(* Let $p=N=5$, and let $r_R=\operatorname{rank}Q_R$ for the maps $Q_R:\Lambda^R\to\Lambda^{R+5}$ defined below, whose values for $0\le R\le 9$ are \[ (r_0,\dots,r_9)=(1,\,25,\,300,\,2300,\,12650,\,53129,\,177075,\,480400,\,1045525,\,1723450). \] Consider the degree-20 rank polynomial $\mathcal R_{5,5}(x)=\sum_{R=0}^{20}r_Rx^R$, which is palindromic ($r_{20-R}=r_R$). These ten ranks, palindromicity, and the single condition $(1+x)\mid\mathcal R_{5,5}(x)$ determine the middle coefficient $r_{10}$ uniquely (namely $r_{10}=2{,}047{,}506$). For the resulting polynomial, $(1+x)^4\mid\mathcal R_{5,5}(x)$ while $(1+x)^5\nmid\mathcal R_{5,5}(x)$.
   Context: $\Lambda=\Lambda^\bullet(\mathbb{C}^{5\times5})$ is the exterior algebra on the $25$ odd generators $\Psi_{ij}$, $1\le i,j\le5$, and $Q_R$ is left wedge multiplication by $\mathrm{Tr}(\Psi^5)=\sum_{i_1,\dots,i_5}\Psi_{i_1i_2}\Psi_{i_2i_3}\Psi_{i_3i_4}\Psi_{i_4i_5}\Psi_{i_5i_1}$ restricted to $\Lambda^R$. Divisibility is in $\mathbb{Q}[x]$. *)

From mathcomp Require Import all_boot all_order all_algebra.
Set Implicit Arguments. Unset Strict Implicit. Unset Printing Implicit Defensive.
Import GRing.Theory.
Local Open Scope ring_scope.

Definition r_low : seq nat :=
  [:: 1%N; 25%N; 300%N; 2300%N; 12650%N; 53129%N; 177075%N; 480400%N;
      1045525%N; 1723450%N].

Definition rcoef (c : nat) (i : nat) : nat :=
  if (i < 10)%N then nth 0%N r_low i
  else if i == 10%N then c
  else nth 0%N r_low (20 - i).

Definition rankPoly (c : nat) : {poly rat} :=
  \poly_(i < 21) (rcoef c i)%:R.

From mathcomp Require Import all_boot all_order all_algebra.
From mathcomp Require Import ring zify.
Import GRing.Theory Num.Theory.
Local Open Scope ring_scope.

(* Since R_{5,5} is palindromic of degree 20, R_{5,5}(-1) = r_10 + 2 (r_0 - r_1 + ... - r_9)
   = r_10 - 2047506, so (1 + x) | R_{5,5} pins down r_10.  For that value,
   R_{5,5} = Q (1 + x)^4 with an explicit palindromic Q of degree 16 and
   Q(-1) = 13750 != 0, so -1 is a root of multiplicity exactly 4. *)

Section RootMultiplicity.
Variable F : fieldType.
Implicit Types (p q : {poly F}) (x : F).

Lemma XaddC1E : 'X + 1 = 'X - (-1)%:P :> {poly F}.
Proof. by rewrite polyCN opprK. Qed.

Lemma dvdp_Xadd1 p : ('X + 1) %| p = root p (-1).
Proof. by rewrite XaddC1E dvdp_XsubCl. Qed.

Lemma dvdp_exp_XsubC_mul q x k n : ~~ root q x ->
  (('X - x%:P) ^+ n %| q * ('X - x%:P) ^+ k) = (n <= k)%N.
Proof.
move=> qNx; have q_neq0 : q != 0 by apply: contraNneq qNx => ->; rewrite root0.
rewrite -mup_geq ?mulf_neq0 ?expf_neq0 ?polyXsubC_eq0 //.
by rewrite mupMr // mup_XsubCX eqxx.
Qed.

End RootMultiplicity.

Definition natPoly {R : nzSemiRingType} (s : seq nat) : {poly R} :=
  Poly [seq n%:R | n <- s].

Lemma natPoly_nil (R : nzSemiRingType) : natPoly [::] = 0 :> {poly R}.
Proof. by []. Qed.

Lemma natPoly_cons (R : nzSemiRingType) n s :
  natPoly (n :: s) = natPoly s * 'X + n%:R%:P :> {poly R}.
Proof. exact: cons_poly_def. Qed.

Lemma rankPolyE c : rankPoly c = natPoly (r_low ++ c :: rev r_low).
Proof.
apply/polyP => i; rewrite coef_poly coef_Poly.
have size_r : size (r_low ++ c :: rev r_low) = 21 by [].
case: ltnP => [lt_i21 | le21_i]; last by rewrite nth_default // size_map size_r.
rewrite (nth_map 0%N) ?size_r // /rcoef nth_cat /=; congr _%:R.
case: ltnP => // le10_i; case: eqP => [-> // | ne_i10].
have -> : (i - 10 = (i - 11).+1)%N by lia.
by rewrite /= nth_rev /=; [congr nth; lia | lia].
Qed.

(* Numerals above 5000 in nat are [Nat.of_num_uint] terms, which [simpl] would
   otherwise unfold into unary numbers. *)
Opaque Nat.of_num_uint.

Lemma horner_rankPoly c : (rankPoly c).[-1] = c%:R - 2047506%:R.
Proof. by rewrite rankPolyE horner_Poly /=; ring. Qed.

Definition rankQuot : {poly rat} :=
  natPoly [:: 1; 21; 210; 1330; 5985; 20348; 54243; 116070; 168410;
              116070; 54243; 20348; 5985; 1330; 210; 21; 1]%N.

Lemma horner_rankQuot : rankQuot.[-1] = 13750%:R.
Proof. by rewrite horner_Poly /=; ring. Qed.

Lemma rankPoly_factor : rankPoly 2047506 = rankQuot * ('X + 1) ^+ 4.
Proof.
rewrite rankPolyE [_ ++ _]/= /rankQuot !natPoly_cons natPoly_nil.
ring.
Qed.

Theorem mainTheorem6 :
  (forall c : nat, (('X + 1 : {poly rat}) %| rankPoly c) = (c == 2047506%N))
  /\ (('X + 1 : {poly rat}) ^+ 4 %| rankPoly 2047506)
  /\ ~~ (('X + 1 : {poly rat}) ^+ 5 %| rankPoly 2047506).
Proof.
have dvdp_rankPoly n : (('X + 1) ^+ n %| rankPoly 2047506) = (n <= 4)%N.
  rewrite rankPoly_factor XaddC1E dvdp_exp_XsubC_mul //.
  by rewrite /root horner_rankQuot pnatr_eq0.
split; [|split].
- by move=> c; rewrite dvdp_Xadd1 /root horner_rankPoly subr_eq0 eqr_nat.
- by rewrite dvdp_rankPoly.
- by rewrite dvdp_rankPoly.
Qed.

**ACTIVITY:**
Would you copy, unchanged, the stretch of the records above that begins at the line containing "by rewrite mupMr // mup_XsubCX eqxx." and ends at the line containing "Proof. exact: cons_poly_def. Qed.", and only that?

**SOLUTION:**
by rewrite mupMr // mup_XsubCX eqxx.
Qed.

End RootMultiplicity.

Definition natPoly {R : nzSemiRingType} (s : seq nat) : {poly R} :=
  Poly [seq n%:R | n <- s].

Lemma natPoly_nil (R : nzSemiRingType) : natPoly [::] = 0 :> {poly R}.
Proof. by []. Qed.

Lemma natPoly_cons (R : nzSemiRingType) n s :
  natPoly (n :: s) = natPoly s * 'X + n%:R%:P :> {poly R}.
Proof. exact: cons_poly_def. Qed.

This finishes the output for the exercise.